SOLR controls the number of multiple-word federated query hits

Source: Internet
Author: User
Tags solr

1. This article deals with the two concepts in full-text search?

2. What are the criteria for sorting in many of the results?

3. How to reasonably control the number and quality of the hits in SOLR queries?

In some daily articles or some information, there are some high-frequency words, and these high-frequency words, in the participation of the query, will often result in a large number of result sets hit.
What do you mean? For example, if we are doing a restaurant search, in our index library has a column name field, most of it is XXX hotel, if you search for a XXX hotel, will be participle into:
Xxx
Restaurant
Then xxx hit only 10 result sets, and the hotel did hit 200,000 result sets, so the total result may have 20多万条, resulting in a large number of data hits, on the one hand shows the richness of information, on the other hand may cause too much confusion to users.
we analyze two important concepts in full-text search Precisionfull rate of callIn LUCENE,SOLR and elasticsearch the general word of the query results will be the two rates to do a best effect of the deployment, and this default relevance scoring rule is:
    • The most relevant scoring is in front, that is, the embodiment of the check
    • The low correlation is behind, that is, the manifestation of the whole investigation

Of Course, the above conclusion is not hundred correct, because the lucene underlying design, may lead to some strange effect, is the most accurate is not ranked first, this problem is about 10% probability, we can index two fields to avoid this problem, a word breaker, a non-participle, When querying, you can query two fields together. Back to the restaurant that question, if there is now want to search for one:
Beijing Lane Ditch North Village ten Li Xiang Hotel, the situation after participle is as follows: Lane
Gou
Bei Li
Xiaozhuang
Ten miles
Incense
Hotel notice, in the entire index library most of the data to search contains Beijing and the hotel two words, so this will almost index all the data in the query out, although the query ranking is also possible, but the hit volume is too large, more than 4 pages after almost all Beijing xxxx Hotel, with the theme of the search is not related to the So we can take some strategies to avoid this situation:
SOLR default search strategy, is the term after the word or the relationship, the final result set all return, if we change to and, that is the exact match, but one thing is, if the exact match, some time the user entered the incomplete word lost the meaning of the full text search, So we have to take a comprehensive strategy, both to ensure that the check, but also to ensure that the recall, so as to achieve?this thing directly with our full-text search framework is impossible to achieve, there is a good idea, is that we have to search for the word, extract the backbone of the sentence, and then the main part of the search, it must be fatal, if not hit, even if the data and query words, the relevance is not very good, this method is not bad, But how do you accurately present these exact backbone words in large-scale data? Using machine learning or text mining? The answer is sure to be able to do it, just need another design, which is the best solution to search for the number of hits too many ways. There is another way, is a palliative approach, it is easier to achieve, is to limit the maximum number of words after each word, that is, likeLane
Gou
Bei Li
Xiaozhuang
Ten miles
Incense
Restaurant
Must hit 3 or more term, I think the correlation is greater, or there is a percentage to limit more than 80% hits, even if this record is good. This can be solved using SOLR's edismax. two solutions, as follows:
One: Use Edismax, write in Q
Name: Beijing xxxxx Hotel after
Write in the raw Query paramters parameter
Deftype=edismax&mm=80%25 then query, MM is the minimum number of matches, can be a fixed value, it can also be a percentage. Second: In the schema.xml of SOLR, turn Solrqueryparser's defaultoperator into and


Copyright NOTICE: This article for Bo Master original article, without Bo Master permission not reproduced.

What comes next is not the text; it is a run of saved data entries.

(* A finite set S is no larger than the number of ordered pairs of distinct
   elements of S identified by h, plus the size of the image h(S): the elements
   that share their h-value with another one are first projections of such
   pairs, and h is injective on the others. *)
Lemma card_le_collisions (T C : finType) (S : {set T}) (h : T -> C) :
  (#|S| <= #|[set pq : T * T | [&& pq.1 \in S, pq.2 \in S, pq.1 != pq.2 &
                                  h pq.1 == h pq.2]]| + #|h @: S|)%N.
Proof.
set Coll := [set pq : T * T | _].
pose Lone := [set p in S | [forall q, (q \in S) ==> (q != p) ==> (h q != h p)]].
have Lone_sub : Lone \subset S by apply/subsetP => p; rewrite inE => /andP [].
rewrite -(cardsID Lone S) (setIidPr Lone_sub) addnC leq_add //.
  have paired : S :\: Lone \subset fst @: Coll.
    apply/subsetP => p; rewrite !inE => /andP [+ pS]; rewrite pS /= negb_forall.
    case/existsP => q; rewrite negb_imply => /andP [qS]; rewrite negb_imply negbK.
    move=> /andP [qp /eqP hqp].
    by apply/imsetP; exists (p, q); rewrite // inE /= pS qS eq_sym qp hqp eqxx.
  exact: leq_trans (subset_leq_card paired) (leq_imset_card _ _).
have h_inj : {in Lone &, injective h}.
  move=> p q; rewrite !inE => /andP [_ /forallP lone_p] /andP [qS _] hpq.
  apply/eqP; apply: contraT => pq; have := lone_p q.
  by rewrite qS eq_sym pq hpq eqxx.
by rewrite -(card_in_imset h_inj) subset_leq_card // imsetS.
Qed.

Section Rank.
Variable R : realType.
Implicit Types (S : {fset R}) (y : R).

Definition rank S y : nat := #|` [fset s in S | s <= y]|.

Lemma rank_le_card S y : (rank S y <= #|` S|)%N.
Proof. exact/fsubset_leq_card/fset_sub. Qed.

Lemma rank_mono S : {homo rank S : y y' / y <= y' >-> (y <= y')%N}.
Proof.
move=> y y' le_yy'; apply/fsubset_leq_card/fsubsetP => s; rewrite !inE.
by case/andP => -> /le_trans ->.
Qed.

Lemma card_interval_rank S b b' : b <= b' ->
  #|` [fset y in S | (b < y) && (y <= b')]| = (rank S b' - rank S b)%N.
Proof.
move=> le_bb'; rewrite /rank -(cardfsID [fset s in S | s <= b] [fset s in S | s <= b']).
have -> : [fset s in S | s <= b'] `&` [fset s in S | s <= b] = [fset s in S | s <= b].
  apply/fsetP => y; rewrite !inE; case: (y \in S) => //=.
  by rewrite andb_idl // => le_yb; exact: le_trans le_yb le_bb'.
rewrite addKn; congr #|` _ |; apply/fsetP => y; rewrite !inE.
by case: (y \in S); rewrite //= -ltNge.
Qed.
Lemma principal_map_inordK n (M : 'M[nat]_n) : principal_reversible_square M ->
  map_mx (fun x : 'I_(n * n).+1 => nat_of_ord x) (map_mx inord M) = M.
Proof.
case=> _ M_range _ _ _; apply/matrixP => i j; rewrite !mxE inordK // ltnS.
by have /andP[] : 1 <= M i j <= n * n by apply/M_range; exists i, j.
Qed.

Lemma N_count_eq1 n : N_count n = 1 <->
  exists2 S : 'M[nat]_n, principal_reversible_square S &
    forall M, principal_reversible_square M -> M = S.
Proof.
split=> [/mem_card1[A0 A0E] | [S S_principal S_unique]].
  have /asboolP A0_principal := etrans (A0E A0) (eqxx A0).
  exists (map_mx (fun x : 'I_(n * n).+1 => nat_of_ord x) A0) => // M M_principal.
  have /eqP <- : map_mx inord M == A0.
    have := A0E (map_mx inord M); rewrite !inE => <-.
    by apply/asboolP; rewrite principal_map_inordK.
  by rewrite principal_map_inordK.
apply: (@eq_card1 _ (map_mx inord S)) => A; rewrite !inE.
apply/asboolP/eqP => [/S_unique <- | ->]; first by rewrite map_inord_valK.
by rewrite principal_map_inordK.
Qed.

Theorem corollary3 (n : nat) : N_count n = 1 <-> prime n.
Proof.
rewrite N_count_eq1; split=> [[S S_principal S_unique] | n_prime].
  have n_gt1 := principal_gt1 S_principal.
  apply/negPn/negP => /primePn[|[d /andP[d_gt1 d_lt_n] /dvdnP[q nE]]]; first by lia.
  have q_gt0 : 0 < q by lia.
  have := S_unique _ (mixed_square_principal d_gt1 q_gt0 nE).
  rewrite -(S_unique _ (mixed_square_principal n_gt1 (isT : 0 < 1) (esym (mul1n n)))).
  move/matrixP/(_ (Ordinal (ltnW n_gt1)) (Ordinal d_lt_n)); rewrite !mxE /=.
  rewrite modnn divnn (ltnW d_gt1) (modn_small d_lt_n) (divn_small d_lt_n).
  nia.
exists (mixed_square n n); last by move=> M /principal_prime_eq; apply.
exact: mixed_square_principal (prime_gt1 n_prime) (isT : 0 < 1) (esym (mul1n n)).
Qed.
Lemma sum_ord4 (F : 'I_4 -> R) :
  \sum_(i < 4) F i = F 0 + F 1 + F 2 + F 3.
Proof.
rewrite !big_ord_recl big_ord0 addr0 !addrA.
by do !congr (_ + _); congr F; apply: val_inj.
Qed.

Ltac case_ord4 i := let lt_i := fresh in case: i => [[|[|[|[|?]]]] lt_i] //.
Ltac case_quat p :=
  let p0 := fresh "p" in let p1 := fresh "p" in
  let p2 := fresh "p" in let p3 := fresh "p" in case: p => [[[p0 p1] p2] p3].

Lemma mul_lrmul_mx p q p' q' :
  lrmul_mx p q *m lrmul_mx p' q' = lrmul_mx (qmul p' p) (qmul q q').
Proof.
apply/matrixP => i j; rewrite !mxE sum_ord4 !mxE.
case_quat p; case_quat q; case_quat p'; case_quat q'.
by case_ord4 i; case_ord4 j; rewrite /=; ring.
Qed.

Lemma lrmul_mxZl k p q : lrmul_mx (qscale k p) q = k *: lrmul_mx p q.
Proof.
apply/matrixP => i j; rewrite !mxE.
by case_quat p; case_quat q; case_ord4 i; case_ord4 j; rewrite /=; ring.
Qed.

Lemma lrmul_mxZr k p q : lrmul_mx p (qscale k q) = k *: lrmul_mx p q.
Proof.
apply/matrixP => i j; rewrite !mxE.
by case_quat p; case_quat q; case_ord4 i; case_ord4 j; rewrite /=; ring.
Qed.

Lemma trmx_lrmul_mx p q : (lrmul_mx p q)^T = lrmul_mx (qconj p) (qconj q).
Proof.
apply/matrixP => i j; rewrite !mxE.
by case_quat p; case_quat q; case_ord4 i; case_ord4 j; rewrite /=; ring.
Qed.

Lemma lrmul_mx1 : lrmul_mx (qbasis 0) (qbasis 0) = 1%:M.
Proof. by apply/matrixP => i j; rewrite !mxE; case_ord4 i; case_ord4 j; rewrite /=; ring. Qed.

Lemma frob_dot_lrmul_mx p q p' q' :
  frob_dot (lrmul_mx p q) (lrmul_mx p' q') = 4 * qdot p p' * qdot q q'.
Proof.
rewrite /frob_dot !sum_ord4 !mxE.
by case_quat p; case_quat q; case_quat p'; case_quat q'; rewrite /=; ring.
Qed.

Lemma qmul_qconj p : qmul p (qconj p) = qscale (qdot p p) (qbasis 0).
Proof. by case_quat p; rewrite /=; congr (_, _, _, _); ring. Qed.

Lemma qmul_conjq p : qmul (qconj p) p = qscale (qdot p p) (qbasis 0).
Proof. by case_quat p; rewrite /=; congr (_, _, _, _); ring. Qed.

Lemma lrmul_mx_orthogonal p q : qdot p p = 1 -> qdot q q = 1 ->
  (lrmul_mx p q)^T *m lrmul_mx p q = 1%:M.
Proof.
move=> pp qq; rewrite trmx_lrmul_mx mul_lrmul_mx qmul_qconj qmul_conjq pp qq.
by rewrite lrmul_mxZl lrmul_mxZr !scale1r lrmul_mx1.
Qed.

(* [e_a e_b = (-1)^(qbasis_neg a b) e_(qbasis_idx a b)], the usual table
   [i j = k], [j k = i], [k i = j], [i^2 = j^2 = k^2 = -1]. *)
Definition qbasis_idx (a b : nat) : nat :=
  (if a == 0 then b else if b == 0 then a else if a == b then 0 else 6 - a - b)%N.

Definition qbasis_neg (a b : nat) : bool := [&& a != 0, b != 0 & b != (a %% 3).+1]%N.

Ltac case_lt4 a := case: a => [|[|[|[|?]]]] //.

Lemma qbasisM a b : (a < 4)%N -> (b < 4)%N ->
  qmul (qbasis a) (qbasis b) = qscale ((-1) ^+ qbasis_neg a b) (qbasis (qbasis_idx a b)).
Proof. by case_lt4 a; case_lt4 b => _ _; rewrite /= ?expr0 ?expr1; congr (_, _, _, _); ring. Qed.

Lemma qbasis_idx_lt a b : (a < 4)%N -> (b < 4)%N -> (qbasis_idx a b < 4)%N.
Proof. by case_lt4 a; case_lt4 b. Qed.

Lemma qconj_qbasis a : (a < 4)%N -> qconj (qbasis a) = qscale ((-1) ^+ (a != 0)%N) (qbasis a).
Proof. by case_lt4 a => _; rewrite /= ?expr0 ?expr1; congr (_, _, _, _); ring. Qed.

Lemma qdot_qbasis a b : (a < 4)%N -> (b < 4)%N -> qdot (qbasis a) (qbasis b) = (a == b)%:R.
Proof. by case_lt4 a; case_lt4 b => _ _; rewrite /=; ring. Qed.

(* [1 = 1^2] and [(1 + e)^2 = 2 e] for [e = i, j, k]. *)
Lemma qbasis_sqr a : (a < 4)%N -> exists p k, 0 < k /\ qmul p p = qscale k (qbasis a).
Proof.
case_lt4 a => _; [exists (1, 0, 0, 0), 1 | exists (1, 1, 0, 0), 2
  | exists (1, 0, 1, 0), 2 | exists (1, 0, 0, 1), 2];
  by split; rewrite ?ltr01 ?ltr0n //=; congr (_, _, _, _); ring.
Qed.

End Quaternions.

Section QuaternionCode.
Context {R : realType}.

(* [qcode_mx (s, a, b)] is the map [x |-> (-1)^s e_a x e_b]; these 32 maps are
   the image of [Q8 x Q8] in [SO(4)]. *)
Definition qcode_mx (u : bool * nat * nat) : 'M[R]_4 :=
  let: (s, a, b) := u in (-1) ^+ s *: lrmul_mx (qbasis a) (qbasis b).

Definition qcode_index : seq (bool * nat * nat) :=
  [seq (sa, b) | sa <- [seq (s, a) | s <- [:: false; true], a <- iota 0 4], b <- iota 0 4].

Definition qcode : seq 'M[R]_4 := map qcode_mx qcode_index.

Lemma mem_qcode_index s a b : ((s, a, b) \in qcode_index) = (a < 4)%N && (b < 4)%N.
Proof. by case: s; case: a => [|[|[|[|a]]]]; case: b => [|[|[|[|b]]]]. Qed.

Lemma qcodeP x : x \in qcode ->
  exists s a b, [/\ (a < 4)%N, (b < 4)%N & x = qcode_mx (s, a, b)].
Proof.
by case/mapP => [[[s a] b]]; rewrite mem_qcode_index => /andP[a4 b4] ->; exists s, a, b.
Qed.

Lemma mem_qcode s a b : (a < 4)%N -> (b < 4)%N -> qcode_mx (s, a, b) \in qcode.
Proof. by move=> a4 b4; apply: map_f; rewrite mem_qcode_index a4 b4. Qed.

Lemma size_qcode : size qcode = 32%N.
Proof. by rewrite size_map. Qed.

Lemma frob_dot_qcode_mx s a b t c d :
  (a < 4)%N -> (b < 4)%N -> (c < 4)%N -> (d < 4)%N ->
  frob_dot (qcode_mx (s, a, b)) (qcode_mx (t, c, d)) =
  (-1) ^+ (s (+) t) * 4 * (a == c)%:R * (b == d)%:R.
Proof.
by move=> *; rewrite frob_dotZ frob_dot_lrmul_mx !qdot_qbasis // signr_addb; ring.
Qed.

Lemma oppr_qcode_mx s a b : - qcode_mx (s, a, b) = qcode_mx (~~ s, a, b).
Proof. by rewrite /= signrN scaleNr. Qed.

Lemma mul_qcode_mx s a b t c d :
  (a < 4)%N -> (b < 4)%N -> (c < 4)%N -> (d < 4)%N ->
  qcode_mx (s, a, b) *m qcode_mx (t, c, d) =
  qcode_mx (s (+) t (+) qbasis_neg c a (+) qbasis_neg b d, qbasis_idx c a, qbasis_idx b d).
Proof.
move=> a4 b4 c4 d4; rewrite /= -scalemxAl -scalemxAr scalerA mul_lrmul_mx !qbasisM //.
by rewrite lrmul_mxZl lrmul_mxZr !scalerA !signr_addb; congr (_ *: _); ring.
Qed.

Lemma trmx_qcode_mx s a b : (a < 4)%N -> (b < 4)%N ->
  (qcode_mx (s, a, b))^T = qcode_mx (s (+) (a != 0)%N (+) (b != 0)%N, a, b).
Proof.
move=> a4 b4; rewrite /= [(_ *: _)^T]linearZ /= trmx_lrmul_mx !qconj_qbasis // lrmul_mxZl lrmul_mxZr.
by rewrite !scalerA !signr_addb; congr (_ *: _); ring.
Qed.

Lemma qcode_mx_orthogonal s a b : (a < 4)%N -> (b < 4)%N ->
  (qcode_mx (s, a, b))^T *m qcode_mx (s, a, b) = 1%:M.
Proof.
move=> a4 b4; rewrite /= [(_ *: _)^T]linearZ /= -scalemxAl -scalemxAr scalerA -expr2 sqrr_sign scale1r.
by rewrite lrmul_mx_orthogonal // qdot_qbasis // eqxx.
Qed.

Lemma det_qcode_mx s a b : (a < 4)%N -> (b < 4)%N -> \det (qcode_mx (s, a, b)) = 1.
Proof.
move=> a4 b4; rewrite /= detZ (exprM _ 2 2) sqrr_sign expr1n mul1r.
have [p [k [k_gt0 ppE]]] := qbasis_sqr (R:=R) a4.
have [q [l [l_gt0 qqE]]] := qbasis_sqr (R:=R) b4.
apply: (orthogonal_det1_of_sqr (B := lrmul_mx p q) (c := k * l)).
- by have := qcode_mx_orthogonal false a4 b4; rewrite /= scale1r.
- by rewrite mulr_gt0.
- by rewrite mul_lrmul_mx ppE qqE lrmul_mxZl lrmul_mxZr scalerA.
Qed.
Theorem mainTheorem5 (n : nat) (hn : (0 < n)%N) :
  (exists L : {poly int}, is_qbinom_lcm n L /\ 0 < lead_coef L) /\
  (forall L : {poly int}, is_qbinom_lcm n L -> 0 < lead_coef L ->
     L.[1] = (binom_lcm n)%:Z).
Proof.
have lead_qlcm : lead_coef (qlcm n) = 1 by apply/monicP/qlcm_monic.
split; first by exists (qlcm n); rewrite lead_qlcm; split=> //; apply: qlcm_is_lcm.
move=> L [L_mul L_least] lead_L.
have [Q_mul Q_least] := qlcm_is_lcm n.
have <- : qlcm n = L.
  apply: zpoly_dvd_antisym (Q_least _ L_mul) (L_least _ Q_mul) _ lead_L.
    exact/monic_neq0/qlcm_monic.
  by rewrite lead_qlcm.
rewrite qlcm_at1; congr Posz; apply/eqP.
by rewrite eqn_dvd binom_lcm_dvd_qlcm_value qlcm_value_dvd_binom_lcm.
Qed.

SOLR controls the number of multiple-word federated query hits

Contact Us

The content source of this page is from Internet, which doesn't represent Alibaba Cloud's opinion; products and services mentioned on that page don't have any relationship with Alibaba Cloud. If the content of the page makes you feel confusing, please write us an email, we will handle the problem within 5 days after receiving your email.

If you find any instances of plagiarism from the community, please send an email to: info-contact@alibabacloud.com and provide relevant evidence. A staff member will contact you within 5 working days.

A Free Trial That Lets You Build Big!

Start building with 50+ products and up to 12 months usage for Elastic Compute Service

  • Sales Support

    1 on 1 presale consultation

  • After-Sales Support

    24/7 Technical Support 6 Free Tickets per Quarter Faster Response

  • Alibaba Cloud offers highly flexible support services tailored to meet your exact needs.